In a profile in The Wall Street Journal of Edwin Meese III at ninety-four, James Taranto marks the Supreme Court’s decision in Trump v. Slaughter as the latest entry in a forty-year ledger. On Monday the Court overruled Humphrey’s Executor, the 1935 decision that shielded members of the Federal Trade Commission and other “independent” agencies from at-will removal. The president, the majority held, may fire them. Taranto is correct to credit Meese, whose 1985 address to the American Bar Association called for a “Jurisprudence of Original Intention” and was denounced at the time by Justice Brennan as “arrogance cloaked as humility.” The six-justice conservative bloc that produced Slaughter also produced Loper Bright, overturning Chevron deference; Dobbs, returning the question of abortion to the states; Students for Fair Admissions, ending race-conscious admissions; and Kennedy v. Bremerton, protecting a coach’s post-game prayer. These are not random victories. They are the restoration of a constitutional order that the New Deal and the Warren Court had remade in the image of their policy preferences.
The case for originalism does not depend on which party benefits from it. It rests on the proposition that the Constitution has a fixed meaning, that the document is not infinitely malleable, that it has edges, and that the judge’s task is to find those edges rather than to redraw them. Article II vests the executive power in the President; Humphrey’s Executor carved out exceptions the text does not recognize. Chevron required judges to defer to agency interpretations of “ambiguous” statutes, converting the executive into a lawmaker when Congress had not acted. As Chief Justice Roberts wrote in Loper Bright, “our role is, as always, to independently interpret the statute and effectuate the will of Congress.” The Constitution assigns the making of law to Congress, the execution of law to the President, and the interpretation of law to the courts. For decades those boundaries were blurred. The originalist court has restored them. Meese, asked by Taranto whether originalism is conservative, answered flatly: “They’re either constitutional or not an accurate reflection of the Constitution.” This is fidelity, not partisanship. Slaughter itself illustrates the point: the removal power it recognizes will belong to every future president, of whatever party.
At eleven weeks she began to bleed.
Her name was Brittany. She had two children at home. The pregnancy had been unplanned, but she had welcomed it. The bleeding did not stop. Her partner drove her forty minutes to the nearest hospital with an obstetric unit. The physicians determined that the pregnancy was nonviable, that the fetus had no chance of survival, and that the tissue remaining in her uterus had set in motion a chain of events that would kill her if the chain were not broken. The procedure her physicians recommended was a dilation and curettage. It is among the most common obstetric interventions. Under the state’s law, which the Court in Dobbs had authorized to take effect, it had become a felony.

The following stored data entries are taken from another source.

Lemma state_awakeS r v h : run r v = Some h ->
  run r.+1 v = Some (rcons h (if eff_action D h is Listen
                              then reception adj D (run r) v else HNone)).
Proof. by rewrite stateS /step => ->. Qed.

Lemma state_extend r v h k : run r v = Some h ->
  exists2 e, size e = k & run (r + k) v = Some (h ++ e).
Proof.
move=> run_v; elim: k => [|k [e <- IH]]; first by exists [::]; rewrite ?addn0 ?cats0.
by rewrite addnS (state_awakeS IH) rcons_cat; eexists; last reflexivity; rewrite size_rcons.
Qed.

Lemma state_terminated r r' v h d : run r v = Some h -> 0 < d < size h ->
  D (take d h) = Terminate -> r <= r' ->
  exists2 h', run r' v = Some h' & eff_action D h' = Terminate.
Proof.
move=> run_v d_lt Dd le_rr'; have [e _] := state_extend (r' - r) run_v.
rewrite subnKC // => run_v'; exists (h ++ e) => //.
exact: eff_action_terminated d_lt Dd.
Qed.

Lemma transmits_terminated r r' v h d : run r v = Some h -> 0 < d < size h ->
  D (take d h) = Terminate -> r <= r' -> transmits D (run r') v = None.
Proof.
move=> run_v d_lt Dd /(state_terminated run_v d_lt Dd)[h' run_v' Dh'].
by rewrite /transmits run_v' Dh'.
Qed.

Lemma state_tag_awake v : exists h, run (tag v) v = Some h.
Proof.
case Ev: (tag v) => [|t] /=; rewrite /step.
  by case: reception => [|m|]; rewrite Ev /=; eexists.
case: (run t v) => [h|]; first by eexists.
by case: reception => [|m|]; rewrite Ev ?leqnn ?eqxx; eexists.
Qed.

Lemma outputsP f v b : outputs adj tag D f v b <->
  exists r h d, [/\ run r v = Some h, first_termination D h d & f (take d.+1 h) = b].
Proof.
by split=> [[r [h [d [? [? [? [? [? ?]]]]]]]] | [r [h [d [? [? ? ? ?] ?]]]]];
  exists r, h, d.
Qed.

Lemma outputs_uniq f v b b' :
  outputs adj tag D f v b -> outputs adj tag D f v b' -> b = b'.
Proof.
have later_agrees r r' h h' d d' : r <= r' -> run r v = Some h -> run r' v = Some h' ->
    first_termination D h d -> first_termination D h' d' ->
    f (take d.+1 h) = f (take d'.+1 h').
  move=> le_rr' run_v run_v' Fd Fd'; have [e _] := state_extend (r' - r) run_v.
  rewrite subnKC // run_v' => -[Eh']; rewrite Eh' in Fd' *.
  have [_ d_lt _ _] := Fd.
  by rewrite -(first_termination_cat Fd Fd') takel_cat.
move=> /outputsP[r [h [d [run_v Fd <-]]]] /outputsP[r' [h' [d' [run_v' Fd' <-]]]].
case: (leqP r r') => [le | /ltnW le].
  exact: later_agrees _ _ _ _ _ _ le run_v run_v' Fd Fd'.
by symmetry; apply: later_agrees _ _ _ _ _ _ le run_v' run_v Fd' Fd.
Qed.

Lemma reception_ext (st st' : state_t n) v : st =1 st' ->
  reception adj D st v = reception adj D st' v.
Proof.
move=> E; have Et : transmits D st =1 transmits D st' by move=> u; rewrite /transmits E.
by rewrite /reception (eq_map Et).
Qed.

Lemma state_twins u v : tag u = tag v -> adj u =1 adj v -> forall r, run r u = run r v.
Proof.
move=> Etag Eadj.
have Erec st : reception adj D st u = reception adj D st v by rewrite /reception (eq_filter Eadj).
by elim=> [|r IH] /=; rewrite /step ?IH Erec Etag.
Qed.

Definition silent_at r v := forall h, run r v = Some h -> h = nseq (size h) HNone.

Definition silent v := forall r, silent_at r v.

Definition quiet_round r v :=
  reception adj D (run r) v = HNone \/
  exists2 h, run r v = Some h & eff_action D h = Terminate.

Lemma silent_atS r v : silent_at r v -> quiet_round r v -> silent_at r.+1 v.
Proof.
rewrite /quiet_round => silent_v quiet h'; rewrite stateS /step.
case run_v: (run r v) => [h|] in silent_v quiet *.
  have {}quiet : (if eff_action D h is Listen then reception adj D (run r) v else HNone) = HNone.
    by case: quiet => [-> | [_ [<-] ->]]; case: eff_action.
  by rewrite quiet => -[<-]; rewrite (silent_v h) // rcons_nseq size_nseq.
by case: quiet => [-> | [? //]]; case: eqP => // _ [<-].
Qed.

Lemma silent_after r0 v : (forall r, r <= r0 -> silent_at r v) ->
  (forall r, r0 <= r -> quiet_round r v) -> silent v.
Proof.
move=> before after; elim=> [|r IH]; first exact: before.
case: (leqP r.+1 r0) => [|lt]; first exact: before.
exact: silent_atS IH (after r lt).
Qed.

Lemma outputs_silentE f v b : outputs adj tag D f v b -> silent v ->
  exists2 d, silent_lifetime D d & b = f (nseq d.+1 HNone).
Proof.
move=> /outputsP[r [h [d [run_v Fd <-]]]] /(_ r h run_v) Eh.
rewrite Eh in Fd *; have [d_lt Sd] := (first_termination_nseq _ _ _).1 Fd.
by exists d; rewrite ?take_nseq.
Qed.

Lemma outputs_nseq f v r m d : run r v = Some (nseq m HNone) -> d < m ->
  silent_lifetime D d -> outputs adj tag D f v (f (nseq d.+1 HNone)).
Proof.
move=> run_v d_lt Sd; apply/outputsP; exists r, (nseq m HNone), d; split=> //.
  exact/first_termination_nseq.
by rewrite take_nseq.
Qed.

Lemma outputs_silent f v d : silent v -> silent_lifetime D d ->
  outputs adj tag D f v (f (nseq d.+1 HNone)).
Proof.
move=> silent_v Sd; have [h awake_v] := state_tag_awake v.
have [e size_e run_v] := state_extend d.+1 awake_v.
have Ehe := silent_v _ _ run_v; rewrite Ehe in run_v; apply: outputs_nseq run_v _ Sd.
by rewrite size_cat size_e addnS ltnS leq_addl.
Qed.

Lemma dedicated_LE_of_leader f v : (forall u, exists b, outputs adj tag D f u b) ->
  outputs adj tag D f v true -> (forall u, u != v -> outputs adj tag D f u false) ->
  dedicated_LE adj tag D f.
Proof.
move=> all_out out_v out_others; split=> //; exists v; split=> // u out_u.
by case: (eqVneq u v) => // /out_others /(outputs_uniq out_u).
Qed.

Lemma silent_no_leader f (u w : 'I_n) : (forall v, silent v) -> u != w ->
  ~ dedicated_LE adj tag D f.
Proof.
move=> silent_all neq_uw [all_out [v [out_v leader_v]]].
have [x neq_xv] : exists x : 'I_n, x != v.
  by case: (eqVneq u v) => [<-|]; [exists w; rewrite eq_sym | exists u].
have [b out_x] := all_out x.
have [d Sd Eb] := outputs_silentE out_x (silent_all x).
have [d' Sd' Etrue] := outputs_silentE out_v (silent_all v).
move: out_x; rewrite Eb (silent_lifetime_uniq Sd Sd') -Etrue => /leader_v/eqP.
by rewrite (negbTE neq_xv).
Qed.

End Run.

Lemma state_retag n (adj : rel 'I_n) (tag tag' : 'I_n -> nat) D v r :
  (forall w, w != v -> tag w = tag' w) -> r < tag v -> r < tag' v ->
  state adj tag D r =1 state adj tag' D r.
Proof.
move=> Etag; elim: r => [|r IH] lt lt' w /=; rewrite /step.
  case: (eqVneq w v) => [->|/Etag-> //].
  by rewrite (ltn_eqF lt) (ltn_eqF lt'); case: reception.
have {}IH := IH (ltnW lt) (ltnW lt'); rewrite IH (reception_ext _ _ _ IH).
case: (eqVneq w v) => [->|/Etag-> //].
by rewrite (ltnW lt) (ltnW lt') (ltn_eqF lt) (ltn_eqF lt').
Qed.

The law’s medical-emergency exception was narrow. The hospital’s general counsel required confirmation from the county prosecutor before the procedure could proceed. The county prosecutor, in turn, required documentation that met the statute’s criteria. Brittany lay in a hospital bed. Her hemoglobin fell. Her blood pressure dropped. Her temperature spiked. Her heart rate climbed. The medical staff started intravenous antibiotics, but the source of the infection, the retained tissue, remained. Her kidneys began to fail. Her liver function deteriorated. She grew confused, then incoherent. The county prosecutor withheld authorization. The medical staff watched her slide into septic shock, forbidden by the statute the prosecutor enforced to perform the procedure that would have stopped the cascade. Twenty hours passed. The infection overwhelmed her.
When the procedure was finally approved, the window during which it would have been straightforward had closed. She was too sick for the simple intervention that would have saved her. She required a hysterectomy. She required a ventilator. She required vasopressors to keep her blood pressure high enough to perfuse her organs. She required all of these, and she received them, and none of them were enough. She was taken to surgery. She was then taken to intensive care. She died three days later. The medical examiner listed the cause of death as septic shock secondary to retained products of conception. The state maternal mortality review committee determined that her death was preventable.

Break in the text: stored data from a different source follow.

(* Let $G$ be a twin-free simple graph on vertex set $\{1,\dots,n\}$, and suppose that for some $1\le m\le n$ the set $\{1,2,\dots,m\}$ is a minimal identifying code of $G$ (i.e. an identifying code no proper subset of which is an identifying code). Then the lexicographic algorithm (Algorithm 1) applied to $G$ returns exactly $\{1,2,\dots,m\}$.
   Context: Vertices of $G$ are identified with the integers $1,\dots,n$ and ordered by the usual order. For a vertex $v$, $N(v)=\{v\}\cup\{w : vw\in E(G)\}$ is its closed neighbourhood. A set $C\subseteq V(G)$ is an identifying code if the sets $N(v)\cap C$, $v\in V(G)$, are all nonempty and pairwise distinct. $G$ is twin-free if $N(v)\neq N(w)$ for all distinct vertices $v,w$. The lexicographic algorithm (Algorithm 1): set $C_0=\emptyset$. For $j=1,2,\dots,n$ in turn: (i) if $N(j)\cap C_{j-1}=\emptyset$, set $C_j=C_{j-1}\cup\{\min N(j)\}$; (ii) otherwise, if there exists $k\in\{1,\dots,j-1\}$ with $N(k)\cap C_{j-1}=N(j)\cap C_{j-1}$, let $k$ be the least such index; if $N(j)\neq N(k)$ set $C_j=C_{j-1}\cup\{\min(N(j)\triangle N(k))\}$, while if $N(j)=N(k)$ the algorithm stops immediately and returns ''failure''; (iii) otherwise set $C_j=C_{j-1}$. If the algorithm never fails, it returns $C_n$. Here $\triangle$ denotes symmetric difference. *)

(* Vertices 1..n of the paper are represented by 'I_n,
   paper vertex v <-> ordinal v-1; the usual order is preserved. *)
From mathcomp Require Import all_boot.
Set Implicit Arguments. Unset Strict Implicit. Unset Printing Implicit Defensive.

Section Defs.
Variable n : nat.
Variable e : rel 'I_n.

Definition simple_graph := symmetric e /\ irreflexive e.

Definition cnbhd (v : 'I_n) : {set 'I_n} := [set w | (w == v) || e v w].

Definition twin_free := forall v w : 'I_n, cnbhd v = cnbhd w -> v = w.

Definition identifying_code (C : {set 'I_n}) :=
  (forall v, cnbhd v :&: C != set0) /\
  (forall v w, v != w -> cnbhd v :&: C != cnbhd w :&: C).

Definition minimal_identifying_code (C : {set 'I_n}) :=
  identifying_code C /\ (forall C' : {set 'I_n}, C' \proper C -> ~ identifying_code C').

Definition set_min (A : {set 'I_n}) : option 'I_n :=
  [pick x in A | [forall y in A, (x <= y)%N]].

Definition symdiff (A B : {set 'I_n}) : {set 'I_n} := (A :\: B) :|: (B :\: A).

(* one step of Algorithm 1 at vertex j, given C_{j-1}; None = failure *)
Definition lex_step (j : 'I_n) (C : {set 'I_n}) : option {set 'I_n} :=
  if cnbhd j :&: C == set0 then
    omap (fun x => x |: C) (set_min (cnbhd j))
  else
    match [pick k : 'I_n | [&& (k < j)%N, cnbhd k :&: C == cnbhd j :&: C &
                       [forall k' : 'I_n, ((k' < j)%N && (cnbhd k' :&: C == cnbhd j :&: C))
                                           ==> (k <= k')%N]]] with
    | Some k =>
        if cnbhd j != cnbhd k then
          omap (fun x => x |: C) (set_min (symdiff (cnbhd j) (cnbhd k)))
        else None
    | None => Some C
    end.

Definition lex_algorithm : option {set 'I_n} :=
  foldl (fun oC j => obind (lex_step j) oC) (Some set0) (ord_enum n).

End Defs.

From mathcomp Require Import all_boot.

Set Implicit Arguments. Unset Strict Implicit. Unset Printing Implicit Defensive.

(* Let D be an identifying code of a twin-free graph that is downward closed
   (y <= x and x in D imply y in D); {1,..,m} is such a code.  We show that
   Algorithm 1 never fails and returns an identifying code C contained in D.
   The invariant after processing the vertices j' < j is [partial_code j C]:
   C is a subset of D which covers and separates all vertices j' < j.
   Every vertex added by the algorithm is the minimum of a set (N(j), or
   N(j) Δ N(k)) that meets D, hence lies in D because D is downward closed;
   the added vertex (or nothing, in case (iii)) restores the invariant for j,
   and twin-freeness rules out failure.  At j = n the invariant says that C
   is an identifying code inside D, so if D is minimal then C = D. *)

Section Sets.
Variable n : nat.
Implicit Types A B C : {set 'I_n}.

Lemma set_minP A : A != set0 ->
  exists x, [/\ set_min A = Some x, x \in A & forall y, y \in A -> (x <= y)%N].
Proof.
move=> /set0Pn[x0 x0A]; rewrite /set_min; case: pickP => [x /andP[xA /forallP xmin]|none].
  by exists x; split=> // y yA; apply: (implyP (xmin y)).
have [y yA ymin] := arg_minnP (fun i : 'I_n => nat_of_ord i) x0A.
case/negP: (none y); apply/andP; split=> //; apply/forallP => z; exact/implyP/ymin.
Qed.

Lemma trace_eq_symdiff A B C :
  (A :&: C == B :&: C) = (symdiff A B :&: C == set0).
Proof.
apply/eqP/eqP => h; apply/setP => z; have /setP/(_ z) := h;
by rewrite /symdiff !inE; case: (z \in A); case: (z \in B); case: (z \in C).
Qed.

Lemma trace_eq_sub {A B C C' : {set 'I_n}} :
  C \subset C' -> A :&: C' = B :&: C' -> A :&: C = B :&: C.
Proof. by move=> sCC' h; rewrite -(setIidPr sCC') !setIA h. Qed.

Lemma trace_neq0_sub {A C C' : {set 'I_n}} :
  C \subset C' -> A :&: C != set0 -> A :&: C' != set0.
Proof.
move=> sCC'; apply: contraNN; rewrite -!subset0 => /(subset_trans _); apply.
exact: setIS.
Qed.

End Sets.

Section Algorithm.
Variables (n : nat) (e : rel 'I_n).
Hypothesis twin_freeG : twin_free e.

Variable D : {set 'I_n}.
Hypothesis D_code : identifying_code e D.
Hypothesis D_down : forall x y : 'I_n, x \in D -> (y <= x)%N -> y \in D.

Local Notation trace v C := (cnbhd e v :&: C).

Lemma set_min_in_D {A : {set 'I_n}} : A :&: D != set0 ->
  exists x, [/\ set_min A = Some x, x \in A & x \in D].
Proof.
move=> /set0Pn[y]; rewrite inE => /andP[yA yD].
have [|x [mx xA xmin]] := @set_minP n A; first by apply/set0Pn; exists y.
by exists x; split=> //; apply: D_down yD (xmin y yA).
Qed.

Definition partial_code (j : nat) (C : {set 'I_n}) :=
  [/\ C \subset D,
      forall v : 'I_n, (v < j)%N -> trace v C != set0 &
      forall v w : 'I_n, (v < j)%N -> (w < j)%N -> v != w -> trace v C != trace w C].

Lemma partial_code0 : partial_code 0 set0.
Proof. by split=> //; exact: sub0set. Qed.

Lemma leq_ord_split (v j : 'I_n) : (v <= j)%N -> v = j \/ (v < j)%N.
Proof. by rewrite leq_eqVlt => /orP[/eqP/ord_inj|]; [left|right]. Qed.

Lemma partial_code_extend (j : 'I_n) (C C' : {set 'I_n}) : partial_code j C ->
  C \subset C' -> C' \subset D -> trace j C' != set0 ->
  (forall w : 'I_n, (w < j)%N -> trace j C' != trace w C') ->
  partial_code j.+1 C'.
Proof.
move=> [_ cov sep] sCC' sC'D covj sepj; split=> // [v|v w].
  rewrite ltnS => /leq_ord_split[-> //|vj].
  exact: trace_neq0_sub sCC' (cov _ vj).
rewrite !ltnS => /leq_ord_split[-> |vj] /leq_ord_split[-> |wj] vw.
- by rewrite eqxx in vw.
- exact: sepj.
- by rewrite eq_sym; apply: sepj.
- apply: contraNN (sep _ _ vj wj vw) => /eqP h; apply/eqP.
  exact: trace_eq_sub sCC' h.
Qed.

Lemma step_uncovered (j : 'I_n) (C : {set 'I_n}) : partial_code j C -> trace j C = set0 ->
  exists2 x, set_min (cnbhd e j) = Some x & partial_code j.+1 (x |: C).
Proof.
move=> inv j0; have [sCD cov _] := inv.
have [x [mx xN xD]] := set_min_in_D (D_code.1 j).
exists x => //; apply: partial_code_extend inv (subsetUr _ _) _ _ _.
- by rewrite subUset sub1set xD.
- by apply/set0Pn; exists x; rewrite in_setI xN setU11.
- move=> w wj; apply: contraNN (cov _ wj) => /eqP h.
  by rewrite (trace_eq_sub (subsetUr [set x] C) (esym h)) j0.
Qed.

(* Case (ii): an earlier vertex k has the same trace as j; since G is
   twin-free N(j) <> N(k), and the algorithm adds min (N(j) Δ N(k)). *)
Lemma step_collision (j k : 'I_n) (C : {set 'I_n}) : partial_code j C -> (k < j)%N ->
  trace k C = trace j C ->
  cnbhd e j != cnbhd e k /\
  exists2 x, set_min (symdiff (cnbhd e j) (cnbhd e k)) = Some x
           & partial_code j.+1 (x |: C).
Proof.
move=> inv kj kjT; have [sCD cov sep] := inv.
have jk : j != k by apply: contraTneq kj => ->; rewrite ltnn.
have Njk : cnbhd e j != cnbhd e k by apply: contraNN jk => /eqP/twin_freeG ->.
split=> //.
have symdiff_meets_D : symdiff (cnbhd e j) (cnbhd e k) :&: D != set0.
  by rewrite -trace_eq_symdiff; apply: D_code.2.
have [x [mx xS xD]] := set_min_in_D symdiff_meets_D.
have sep_x : trace j (x |: C) != trace k (x |: C).
  by rewrite trace_eq_symdiff; apply/set0Pn; exists x; rewrite in_setI xS setU11.
exists x => //; apply: partial_code_extend inv (subsetUr _ _) _ _ _.
- by rewrite subUset sub1set xD.
- by apply: trace_neq0_sub (subsetUr [set x] C) _; rewrite -kjT cov.
- move=> w wj; have [->|wk] := eqVneq w k; first exact: sep_x.
  apply: contraNN (sep _ _ wj kj wk) => /eqP h; rewrite kjT; apply/eqP.
  exact: trace_eq_sub (subsetUr [set x] C) (esym h).
Qed.

Lemma step_separated (j : 'I_n) (C : {set 'I_n}) : partial_code j C -> trace j C != set0 ->
  (forall w : 'I_n, (w < j)%N -> trace w C != trace j C) ->
  partial_code j.+1 C.
Proof.
move=> inv covj sepj; have [sCD _ _] := inv.
apply: partial_code_extend inv (subxx _) sCD covj _.
by move=> w wj; rewrite eq_sym sepj.
Qed.

Lemma lex_step_partial (j : 'I_n) (C : {set 'I_n}) : partial_code j C ->
  exists2 C', lex_step e j C = Some C' & partial_code j.+1 C'.
Proof.
move=> inv; have [_ _ sep] := inv; rewrite /lex_step; have [/eqP j0|covj] := boolP (_ == set0).
  by have [x -> invx] := step_uncovered inv j0; exists (x |: C).
case: pickP => [k /and3P[kj /eqP kjT _]|none].
  have [-> [x -> invx]] := step_collision inv kj kjT; by exists (x |: C).
exists C => //; apply: step_separated inv covj _ => w wj; apply/eqP => wjT.
(* w would be the least earlier vertex with the trace of j, since the
   traces of earlier vertices are pairwise distinct. *)
case/negP: (none w); rewrite wj wjT eqxx; apply/forallP => k.
apply/implyP => /andP[kj /eqP kjT]; suff /eqP -> : k == w by [].
have [//|kw] := eqVneq k w.
by have := sep _ _ kj wj kw; rewrite kjT wjT eqxx.
Qed.

Lemma lex_algorithm_code :
  exists2 C, lex_algorithm e = Some C & C \subset D /\ identifying_code e C.
Proof.
have size_enum : size (ord_enum n) = n.
  by rewrite -(size_map val) val_ord_enum size_iota.
have run k : (k <= n)%N -> exists2 C,
    foldl (fun oC j => obind (lex_step e j) oC) (Some set0) (take k (ord_enum n))
      = Some C & partial_code k C.
  elim: k => [|k IH] kn; first by exists set0; rewrite ?take0 //; exact: partial_code0.
  have [C runC inv] := IH (ltnW kn); pose j := Ordinal kn.
  have nth_j : nth j (ord_enum n) k = j.
    by apply: val_inj; rewrite -(nth_map j k val) ?size_enum // val_ord_enum nth_iota.
  have [C' stepC' inv'] := @lex_step_partial j C inv.
  exists C' => //; rewrite (take_nth j) ?size_enum // foldl_rcons runC nth_j.
  exact: stepC'.
have [C runC [sCD cov sep]] := run n (leqnn n).
rewrite take_oversize ?size_enum // in runC.
exists C => //; split=> //; split=> [v|v w]; first exact: cov.
exact: sep.
Qed.

End Algorithm.

Theorem corollary1 (n : nat) (e : rel 'I_n) (m : nat) :
  simple_graph e -> twin_free e -> (1 <= m)%N -> (m <= n)%N ->
  minimal_identifying_code e [set i : 'I_n | (i < m)%N] ->
  lex_algorithm e = Some [set i : 'I_n | (i < m)%N].
Proof.
move=> _ twin_freeG _ _ [D_code D_minimal].
have D_down (x y : 'I_n) : x \in [set i : 'I_n | (i < m)%N] -> (y <= x)%N ->
    y \in [set i : 'I_n | (i < m)%N].
  by rewrite !inE => xm yx; apply: leq_ltn_trans yx xm.
have [C -> [sCD C_code]] := lex_algorithm_code twin_freeG D_code D_down.
(* C is an identifying code inside the minimal code D, hence C = D. *)
congr Some; apply/eqP; rewrite eqEproper sCD /=.
by apply/negP => properCD; exact: D_minimal C properCD C_code.
Qed.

The originalist court has not failed. It has succeeded. The order it restores is the order the document describes, the order that was always there for those with eyes to see it: liberty requires structure, structure requires boundaries, and boundaries require someone to enforce them. She has paid.
The order has disclosed where she stood. She stood outside the covenant and the station that the originalist order, faithfully applied, enshrines. The physicians were constrained by the statute; the statute was authorized by the Court; the Court’s order did exactly what it was designed to do. It sorted her outside the wall. She was not of the household whose liberty the Constitution enshrines. The wall is the spine. The wall is the order. The wall is the work.
Brittany is not a tragedy. She is the proof.